Три старших брата, из которых Григорий был вторым, вступили в Шляхетский кадетский корпус, где получили очень хорошее военное образование и особенно изучили главнейшие иностранные языки – немецкий и французский. Из корпуса Григорий вышел в гвардейский пехотный полк, но вскоре, вероятно по собственному желанию, был переведен в артиллерию. Он был красивейший мужчина, и это преимущество содействовало ему в приобретении места адъютанта при генерал-фельдцейхмейстере. В это время, вследствие открывшейся его связи с одной дамой, он имел неприятности и уже почти лишился было свободы, но это прошло ему пока благополучно. Григорий и его три брата, так как к ним присоединился уже и Федор, жили в полном согласии.
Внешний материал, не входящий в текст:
(* Let $\mathbb{L}=(\mathcal{P},\mathcal{C},\parallel)$ be a miquelian Laguerre plane of characteristic $2$. If $K,L,M$ are circles, $p$ is a point with $p\in K$ and $p\in L$, and each of $K$ and $L$ is tangent to $M$, then $K$ and $L$ are tangent at $p$.
   Context: A Laguerre plane is a triple $(\mathcal{P},\mathcal{C},\parallel)$ where $\mathcal{P}$ is a set of points, $\mathcal{C}\subset 2^{\mathcal{P}}$ a set of circles and $\parallel$ an equivalence relation on $\mathcal{P}$ (parallelism; its classes are called generators) such that: (1) any three pairwise non-parallel points lie on a unique circle; (2) for every circle $K$ and non-parallel points $p\in K$, $q\notin K$ there is exactly one circle $L$ with $q\in L$ and $K\cap L=\{p\}$; (3) for every point $p$ and circle $K$ there is exactly one point $q\in K$ with $q\parallel p$; (4) some circle contains at least three but not all points. Circles $K,L$ are tangent at $p$ if $K\cap L=\{p\}$ or $K=L$ (with $p\in K$); $K$ and $L$ are tangent if they are tangent at some point. A quadruple $(a,b,c,d)$ of points is concyclic, written $(a,b,c,d)_{\triangle}$, if $a,b,c,d$ lie on a common circle, or $a\parallel b$, $c\parallel d$ and $a\nparallel c$. The plane is miquelian if it satisfies Miquel's condition: for any eight distinct points $a,b,c,d,e,f,g,h$, the relations $(a,c,b,d)_{\triangle}$, $(a,e,b,h)_{\triangle}$, $(a,g,d,h)_{\triangle}$, $(b,f,c,e)_{\triangle}$, $(c,g,d,f)_{\triangle}$ imply $(e,g,f,h)_{\triangle}$. Miquelian Laguerre planes are exactly the classical ones over commutative fields $F$ (plane sections of a quadratic cone in the projective space over $F$); the characteristic of the plane is the characteristic of $F$. *)

From Stdlib Require List.
From HB Require Import structures.
From mathcomp Require Import all_boot all_algebra.
Set Implicit Arguments. Unset Strict Implicit. Unset Printing Implicit Defensive.
Import GRing.Theory.
Local Open Scope ring_scope.

(* An incidence structure (P, C, par): points of type P, circles are subsets
   of P (predicates) belonging to the set C, par is the parallelism. *)
Section Laguerre.
Variables (P : Type) (C : (P -> Prop) -> Prop) (par : P -> P -> Prop).

Record laguerre_plane : Prop := {
  par_refl : forall p, par p p;
  par_sym : forall p q, par p q -> par q p;
  par_trans : forall p q r, par p q -> par q r -> par p r;
  lp_join : forall a b c, ~ par a b -> ~ par a c -> ~ par b c ->
    (exists K, C K /\ K a /\ K b /\ K c) /\
    (forall K L, C K -> K a -> K b -> K c -> C L -> L a -> L b -> L c -> K = L);
  lp_touch : forall K p q, C K -> K p -> ~ K q -> ~ par p q ->
    (exists L, C L /\ L q /\ (forall x, K x /\ L x <-> x = p)) /\
    (forall L1 L2, C L1 -> L1 q -> (forall x, K x /\ L1 x <-> x = p) ->
                   C L2 -> L2 q -> (forall x, K x /\ L2 x <-> x = p) -> L1 = L2);
  lp_proj : forall p K, C K ->
    (exists q, K q /\ par q p) /\
    (forall q1 q2, K q1 -> par q1 p -> K q2 -> par q2 p -> q1 = q2);
  lp_rich : exists K, C K /\
    (exists a b c, K a /\ K b /\ K c /\ a <> b /\ a <> c /\ b <> c) /\
    (exists x, ~ K x)
}.

Definition concyclic (a b c d : P) : Prop :=
  (exists K, C K /\ K a /\ K b /\ K c /\ K d) \/
  (par a b /\ par c d /\ ~ par a c).

Definition miquelian : Prop :=
  forall a b c d e f g h : P,
    List.NoDup [:: a; b; c; d; e; f; g; h] ->
    concyclic a c b d -> concyclic a e b h -> concyclic a g d h ->
    concyclic b f c e -> concyclic c g d f -> concyclic e g f h.

Definition tangent_at (K L : P -> Prop) (p : P) : Prop :=
  K p /\ L p /\ (K = L \/ (forall x, K x /\ L x -> x = p)).

Definition tangent (K L : P -> Prop) : Prop := exists p, tangent_at K L p.

End Laguerre.

(* The classical (miquelian) Laguerre plane over a commutative field F:
   points (F \cup {oo}) x F, with (None, y) the points over oo; circles are
   the graphs of x |-> a x^2 + b x + c extended by the point (oo, a);
   parallel points have the same first coordinate. *)
Section Classical.
Variable F : fieldType.

Definition cl_point := (option F * F)%type.

Definition cl_par (p q : cl_point) : Prop := p.1 = q.1.

Definition cl_circle (a b c : F) (p : cl_point) : Prop :=
  match p.1 with
  | Some x => p.2 = a * x ^+ 2 + b * x + c
  | None => p.2 = a
  end.

Definition cl_circles (K : cl_point -> Prop) : Prop :=
  exists a b c, K = cl_circle a b c.

End Classical.

Definition iso_classical (P : Type) (C : (P -> Prop) -> Prop)
    (par : P -> P -> Prop) (F : fieldType) (f : P -> cl_point F) : Prop :=
  bijective f /\
  (forall p q, par p q <-> cl_par (f p) (f q)) /\
  (forall K : P -> Prop, C K <-> cl_circles (fun z => exists p, K p /\ f p = z)).

Definition plane_char (P : Type) (C : (P -> Prop) -> Prop)
    (par : P -> P -> Prop) (n : nat) : Prop :=
  exists (F : fieldType) (f : P -> cl_point F),
    (n \in [pchar F])%R /\ iso_classical C par f.

(* In characteristic 2 two circles are
   tangent exactly when they have the same linear coefficient b: for equal b
   the difference (a - a') x^2 + (c - c') of two circles through x0 equals
   (a - a') (x - x0)^2, so distinct such circles meet only once; for b <> b'
   a common point x0 has a second partner x0 - (b - b')/(a - a'), or the
   point at oo when a = a'.  Hence tangency is transitive, and K and L, both
   tangent to M, are tangent to each other, necessarily at their common
   point p. *)
From mathcomp Require Import all_boot all_algebra.
From mathcomp Require Import ring.
From Stdlib Require Import FunctionalExtensionality PropExtensionality.

Set Implicit Arguments.
Unset Strict Implicit.
Unset Printing Implicit Defensive.
Import GRing.Theory.
Local Open Scope ring_scope.

Section ClassicalPlane.
Variable F : fieldType.

Definition cl_quad (a b c x : F) : F := a * x ^+ 2 + b * x + c.

Lemma cl_circle_inj (a b c a' b' c' : F) :
  cl_circle a b c = cl_circle a' b' c' -> [/\ a = a', b = b' & c = c'].
Proof.
move=> e.
have ea : a = a' by have : cl_circle a' b' c' (None, a) by rewrite -e.
have val x : cl_quad a b c x = cl_quad a' b' c' x.
  by have : cl_circle a' b' c' (Some x, cl_quad a b c x) by rewrite -e.
have ec : c = c' by have := val 0; rewrite /cl_quad expr0n !mulr0 !add0r.
split=> //; have := val 1; rewrite /cl_quad expr1n !mulr1 ea ec.
by move/addIr/addrI.
Qed.

Lemma cl_circle_meetP (a b c a' b' c' : F) (z : cl_point F) :
  cl_circle a b c z /\ cl_circle a' b' c' z <->
  (exists2 x, z = (Some x, cl_quad a b c x) &
              cl_quad (a - a') (b - b') (c - c') x = 0)
  \/ (z = (None, a) /\ a = a').
Proof.
have quadB x : cl_quad (a - a') (b - b') (c - c') x =
               cl_quad a b c x - cl_quad a' b' c' x by rewrite /cl_quad; ring.
case: z => [[x|] y]; rewrite /cl_circle /=; split.
- move=> [-> e]; left; exists x => //.
  by rewrite quadB; apply/eqP; rewrite subr_eq0; apply/eqP.
- case=> [[x' [-> ->]] | [] //]; rewrite quadB => /eqP; rewrite subr_eq0.
  by move/eqP.
- by move=> [-> ->]; right.
- by case=> [[] // | [[->] ->]].
Qed.

Hypothesis two0 : 2%:R = 0 :> F.

Lemma cl_quad_shift (a b c x d : F) :
  cl_quad a b c (x + d) = cl_quad a b c x + d * (a * d + b).
Proof.
have -> : cl_quad a b c (x + d) =
          cl_quad a b c x + d * (a * d + b) + 2%:R * (a * x * d).
  by rewrite /cl_quad; ring.
by rewrite two0 mul0r addr0.
Qed.

Lemma cl_meet_other (a b c a' b' c' : F) (z0 : cl_point F) :
  b != b' -> cl_circle a b c z0 -> cl_circle a' b' c' z0 ->
  exists2 z, cl_circle a b c z /\ cl_circle a' b' c' z & z <> z0.
Proof.
move=> nb Kz0 Lz0; have db : b - b' != 0 by rewrite subr_eq0.
have [ea | na] := eqVneq a a'.
  have inf : cl_circle a b c (None, a) /\ cl_circle a' b' c' (None, a).
    by apply/cl_circle_meetP; right.
  pose x := (c' - c) / (b - b').
  have fin : cl_circle a b c (Some x, cl_quad a b c x) /\
             cl_circle a' b' c' (Some x, cl_quad a b c x).
    by apply/cl_circle_meetP; left; exists x; rewrite // /cl_quad ea /x; field.
  case: z0 {Kz0 Lz0} => [[x0|] y0]; first by exists (None, a).
  by exists (Some x, cl_quad a b c x).
have da : a - a' != 0 by rewrite subr_eq0.
case/cl_circle_meetP: (conj Kz0 Lz0) => [[x0 -> q0] | [_ ea]]; last first.
  by rewrite ea eqxx in na.
pose d := - ((b - b') / (a - a')).
exists (Some (x0 + d), cl_quad a b c (x0 + d)).
  apply/cl_circle_meetP; left; exists (x0 + d) => //.
  have slope : (a - a') * d + (b - b') = 0 by rewrite /d; field.
  by rewrite cl_quad_shift q0 add0r slope mulr0.
case=> /eqP; rewrite -subr_eq0 addrAC subrr add0r oppr_eq0 mulf_eq0 invr_eq0.
by rewrite (negPf da) (negPf db).
Qed.

Lemma cl_tangent_at_same_lin (a b c a' b' c' : F) (z0 : cl_point F) :
  tangent_at (cl_circle a b c) (cl_circle a' b' c') z0 -> b = b'.
Proof.
move=> [Kz0 [Lz0 [/cl_circle_inj [_ -> _] // | uniq_z0]]].
have [// | nb] := eqVneq b b'.
by have [z /uniq_z0] := cl_meet_other nb Kz0 Lz0.
Qed.

Lemma cl_same_lin_tangent_at (a b c a' c' : F) (z0 : cl_point F) :
  cl_circle a b c z0 -> cl_circle a' b c' z0 ->
  tangent_at (cl_circle a b c) (cl_circle a' b c') z0.
Proof.
move=> Kz0 Lz0; split=> //; split=> //.
have [[<- <-] | nac] := eqVneq (a, c) (a', c'); first by left.
right.
have meet z : cl_circle a b c z /\ cl_circle a' b c' z ->
    (exists2 x, z = (Some x, cl_quad a b c x) &
                cl_quad (a - a') 0 (c - c') x = 0) \/ (z = (None, a) /\ a = a').
  by move/cl_circle_meetP; rewrite subrr.
have [ea | na] := eqVneq a a'.
  have inf z : cl_circle a b c z /\ cl_circle a' b c' z -> z = (None, a).
    move/meet => [[x _] | [-> //]].
    rewrite ea /cl_quad !subrr !mul0r !add0r => /eqP.
    rewrite subr_eq0 => /eqP ec.
    by rewrite ea ec eqxx in nac.
  by move=> z /inf ->; apply/esym/inf.
have fin z : cl_circle a b c z /\ cl_circle a' b c' z ->
    exists2 x, z = (Some x, cl_quad a b c x) &
               cl_quad (a - a') 0 (c - c') x = 0.
  by move/meet => [// | [_ ea]]; rewrite ea eqxx in na.
move=> z /fin [x -> qx]; have [x0 -> q0] := fin _ (conj Kz0 Lz0).
have := cl_quad_shift (a - a') 0 (c - c') x0 (x - x0).
rewrite (addrC x0) subrK qx q0 add0r addr0 => /esym/eqP.
by rewrite !mulf_eq0 !subr_eq0 (negPf na) /= orbb => /eqP ->.
Qed.

End ClassicalPlane.

Lemma tangent_at_comp (T U : Type) (f : T -> U) (K L : U -> Prop) (p : T) :
  bijective f -> tangent_at (K \o f) (L \o f) p <-> tangent_at K L (f p).
Proof.
move=> [g fK gK]; split=> -[Kp [Lp KL]]; do 2 split=> //.
  case: KL => [KLf | uniq_p]; [left | right].
    apply: functional_extensionality => z; rewrite -[z]gK.
    exact: (congr1 (fun N => N (g z)) KLf).
  by move=> z [Kz Lz]; rewrite -[z]gK; congr f; apply: uniq_p; rewrite /= gK.
case: KL => [-> | uniq_fp]; [left | right] => //.
by move=> x Kx_Lx; apply: (can_inj fK); apply: uniq_fp.
Qed.

Lemma iso_classical_circle (P : Type) (C : (P -> Prop) -> Prop)
    (par : P -> P -> Prop) (F : fieldType) (f : P -> cl_point F)
    (K : P -> Prop) :
  iso_classical C par f -> C K -> exists a b c, K = cl_circle a b c \o f.
Proof.
move=> [[g fK _] [_ circleC]] /circleC [a [b [c imK]]]; exists a, b, c.
apply: functional_extensionality => x; apply: propositional_extensionality.
split=> [Kx | Kfx]; first by rewrite /= -imK; exists x.
by move: Kfx; rewrite /= -imK => -[y [Ky /(can_inj fK) <-]].
Qed.

Theorem proposition1p1 (P : Type) (C : (P -> Prop) -> Prop)
    (par : P -> P -> Prop) :
  laguerre_plane C par -> miquelian C par -> plane_char C par 2 ->
  forall (K L M : P -> Prop) (p : P),
    C K -> C L -> C M -> K p -> L p ->
    tangent K M -> tangent L M -> tangent_at K L p.
Proof.
move=> _ _ [F [f [/GRing.pcharf0 two0 iso]]] K L M p CK CL CM Kp Lp TK TL.
have [bij_f _] := iso.
have [aK [bK [cK eK]]] := iso_classical_circle iso CK.
have [aL [bL [cL eL]]] := iso_classical_circle iso CL.
have [aM [bM [cM eM]]] := iso_classical_circle iso CM.
subst K L M.
have lin_M a b c :
    tangent (cl_circle a b c \o f) (cl_circle aM bM cM \o f) -> b = bM.
  by move=> [q /(tangent_at_comp _ _ _ bij_f) /(cl_tangent_at_same_lin two0)].
rewrite (lin_M _ _ _ TK) (lin_M _ _ _ TL) in Kp Lp *.
exact/(tangent_at_comp _ _ _ bij_f)/(cl_same_lin_tangent_at two0).
Qed.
Они продали довольно порядочное имение своего отца и проживали
Казимир Феликсович Валишевский (1849–1935), польский историк, писатель и публицист. Из книги «Вокруг трона. Екатерина II»:
9 октября 1762 г. барон де Бретель, французский посланник, докладывал из Петербурга своему министру, герцогу Шуазелю: «Не знаю, ваша светлость, к чему поведет переписка царицы с г. Понятовским, но, кажется, уже нет сомнения в том, что она дала ему преемника в лице г-на Орлова, возведенного в графское достоинство в день коронации… Это очень красивый мужчина. Он уже несколько лет был влюблен в царицу, и я помню, как однажды она назвала мне его смешным и сообщила о его несообразном чувстве. Впрочем, по слухам, он очень глуп. Так как он говорит только по-русски, то мне теперь еще трудно судить об этом. Определение „глупый“ вообще довольно часто приложимо к окружающим царицу; и хотя она, по-видимому, вполне мирится с этим, однако, мне кажется, есть основание предвидеть, что она удалит большинство окружающих ее. До сих пор она жила только с заговорщиками, которые, почти за единственным исключением Панина и гетмана (Разумовского), все бедняки, бывшие поручики или капитаны, и вообще сброд: таких можно встретить во всех городских притонах…»
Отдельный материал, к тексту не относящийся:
Lemma foldr_col_insert_sorted_uniq T w : col_sorted_uniq T -> uniq (w ++ flatten T) ->
  col_sorted_uniq (foldr col_insert T w) /\
  perm_eq (flatten (foldr col_insert T w)) (w ++ flatten T).
Proof.
elim: w => [|a w IH] HT; first by split.
move=> /= /andP[Ha Hu].
have [HT' Hp] := IH HT Hu.
have Ha' : a \notin flatten (foldr col_insert T w) by rewrite (perm_mem Hp).
have [HT2 Hp2] := col_insert_sorted_uniq HT' Ha'.
by split=> //; apply: (perm_trans Hp2); rewrite perm_cons.
Qed.

Lemma col_bump_word_perm w c :
  perm_eq ((col_bump_word w c).1 ++ (col_bump_word w c).2) (w ++ c).
Proof.
elim: w => [|a w IH] /=; first by rewrite cats0.
have := col_bump_perm a (col_bump_word w c).1.
case: (col_bump a _) => c1 ob /= Hp.
apply: (@perm_trans _ ((c1 ++ ocons ob [::]) ++ (col_bump_word w c).2)).
  by case: ob {Hp} => [b|] /=; rewrite ?cats0 // -cat_rcons cats1.
apply: (@perm_trans _ ((a :: (col_bump_word w c).1) ++ (col_bump_word w c).2)).
  by rewrite perm_cat2r.
by rewrite cat_cons perm_cons.
Qed.

Lemma foldr_col_insert_cons c T w : col_sorted_uniq (c :: T) -> uniq (w ++ flatten (c :: T)) ->
  foldr col_insert (c :: T) w = (col_bump_word w c).1 :: foldr col_insert T (col_bump_word w c).2.
Proof.
elim: w => [//|a w IH] HT /andP[Ha Hu] /=.
have [HTw Hp] := foldr_col_insert_sorted_uniq HT Hu.
rewrite IH // in HTw Hp *; move: HTw => /andP[/andP[Hc _] _].
have Hac : a \notin (col_bump_word w c).1.
  by move: Ha; rewrite -(perm_mem Hp) /= mem_cat negb_or => /andP[].
by rewrite col_insert_cons //; case: (col_bump a _) => c1 [b|].
Qed.

Lemma foldr_col_insert_nil w : w != [::] ->
  foldr col_insert [::] w = foldr col_insert [:: [::]] w.
Proof. by elim: w => // a [|a' w] IH _ //; congr (col_insert a _); apply: IH. Qed.

Lemma knuth_rel_perm t1 t2 : knuth_rel t1 t2 -> perm_eq t1 t2.
Proof.
case=> x y z _.
- exact/permPl/(perm_catCA [:: x] [:: z] [:: y]).
- by rewrite perm_cons; exact/permPl/(perm_catCA [:: z] [:: x] [::]).
Qed.

Lemma foldr_col_insert_knuth T w1 w2 : col_sorted_uniq T -> uniq (w1 ++ flatten T) ->
  knuth_rel w1 w2 -> foldr col_insert T w1 = foldr col_insert T w2.
Proof.
elim: T w1 w2 => [|c T IH] w1 w2 HT Hu Hk.
  have Hw1 : w1 != [::] by case: Hk.
  have Hw2 : w2 != [::] by case: Hk.
  rewrite !foldr_col_insert_nil // !foldr_col_insert_cons //; last first.
    by rewrite -(perm_uniq (perm_cat (knuth_rel_perm Hk) (perm_refl _))).
  by have [-> [->|[]]] := col_bump_word_knuth (c := [::]) isT Hu Hk.
have Hu2 : uniq (w2 ++ flatten (c :: T)).
  by rewrite -(perm_uniq (perm_cat (knuth_rel_perm Hk) (perm_refl _))).
rewrite !foldr_col_insert_cons //.
move: HT Hu; rewrite /col_sorted_uniq /= => /andP[/andP[Hc HTs] HuT] Hu.
have Hwc : uniq (w1 ++ c) by move: Hu; rewrite catA cat_uniq => /andP[].
have [-> [->|[_ Hk']]] := col_bump_word_knuth Hc Hwc Hk; first by [].
congr (_ :: _); apply: IH Hk'.
  by move: HuT; rewrite /col_sorted_uniq HTs cat_uniq => /and3P[].
have Hp := perm_cat (col_bump_word_perm w1 c) (perm_refl (flatten T)).
by move: Hu; rewrite catA -(perm_uniq Hp) -catA cat_uniq => /and3P[].
Qed.

Inductive knuth_step : seq nat -> seq nat -> Prop :=
  KnuthStep p q t1 t2 : knuth_rel t1 t2 -> knuth_step (p ++ t1 ++ q) (p ++ t2 ++ q).

Definition knuth_eq : relation (seq nat) := clos_refl_trans (seq nat) knuth_step.

Lemma knuth_eq_perm w1 w2 : knuth_eq w1 w2 -> perm_eq w1 w2.
Proof.
elim=> {w1 w2} [_ _ [p q t1 t2 /knuth_rel_perm Hp]|w|w1 w2 w3 _ H12 _ H23].
- by rewrite perm_cat2l perm_cat2r.
- exact: perm_refl.
- exact: perm_trans H12 H23.
Qed.

Lemma knuth_eq_cat p q w1 w2 : knuth_eq w1 w2 -> knuth_eq (p ++ w1 ++ q) (p ++ w2 ++ q).
Proof.
elim=> {w1 w2} [_ _ [p' q' t1 t2 Hk]|w|w1 w2 w3 _ H12 _ H23].
- by apply: rt_step; rewrite -!catA; have := KnuthStep (p ++ p') (q' ++ q) Hk; rewrite -!catA.
- exact: rt_refl.
- exact: rt_trans H12 H23.
Qed.

Lemma knuth_eq_rel t1 t2 : knuth_rel t1 t2 -> knuth_eq t1 t2.
Proof. by move=> Hk; apply: rt_step; have := KnuthStep [::] [::] Hk; rewrite !cats0. Qed.

Definition Pword (w : seq nat) : tableau := foldr col_insert [::] w.

Lemma knuth_eq_Pword w1 w2 : knuth_eq w1 w2 -> uniq w1 -> Pword w1 = Pword w2.
Proof.
elim=> {w1 w2} [_ _ [p q t1 t2 Hk]|//|w1 w2 w3 H12 IH12 _ IH23] Hu; last first.
  by rewrite IH12 // IH23 // -(perm_uniq (knuth_eq_perm H12)).
rewrite /Pword !foldr_cat; congr (foldr _ _ _).
have Htq : uniq (t1 ++ q) by move: Hu; rewrite cat_uniq => /and3P[].
have Hq : uniq (q ++ flatten [::]) by move: Htq; rewrite cats0 cat_uniq => /and3P[].
have [HT Hpq] := @foldr_col_insert_sorted_uniq [::] q isT Hq.
apply: foldr_col_insert_knuth Hk => //.
by rewrite (perm_uniq (perm_cat (perm_refl t1) Hpq)) cats0.
Qed.

Lemma knuth_eq_shift_small R y x : sorted ltn (y :: R) -> x < y ->
  knuth_eq (y :: R ++ [:: x]) (y :: x :: R).
Proof.
elim: R y => [|r R IH] y Hs Hxy; first exact: rt_refl.
move: Hs => /= /andP[Hyr Hs].
apply: (@rt_trans _ _ _ [:: y, r, x & R]).
  by have := knuth_eq_cat [:: y] [::] (IH r Hs (ltn_trans Hxy Hyr)); rewrite !cats0.
by apply: (knuth_eq_cat [::] R (knuth_eq_rel (@KnuthYZX x y r _))); rewrite Hxy.
Qed.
Из «Истории и анекдотов революции в России в 1762 году» Клода Карломана Рюльера:
Орлов скоро обратил на себя всеобщее внимание. Между императрицей и сим дотоле неизвестным человеком оказалась та нежная короткость, которая была следствием давнишней связи. Двор был в крайнем удивлении. Вельможи, из которых многие почитали несомненными права свои на сердце государыни, не понимали, как, несмотря даже на его неизвестность, сей соперник скрывался от их проницательности, и с жесточайшею досадою видели, что они трудились только для его возвышения. Не знаю почему: по своей дерзости, в намерении заставить молчать своих соперников или по согласию с своею любезною, дабы оправдать то великое, которое она ему предназначала, он осмелился однажды ей сказать в публичном обеде, что он самовластный повелитель гвардии и может лишить ее престола, стоит только ему захотеть. Все зрители за сие оскорбились, некоторые отвечали с негодованием, но столь жадные служители были худые придворные; они исчезли, и честолюбие Орлова не знало никаких пределов.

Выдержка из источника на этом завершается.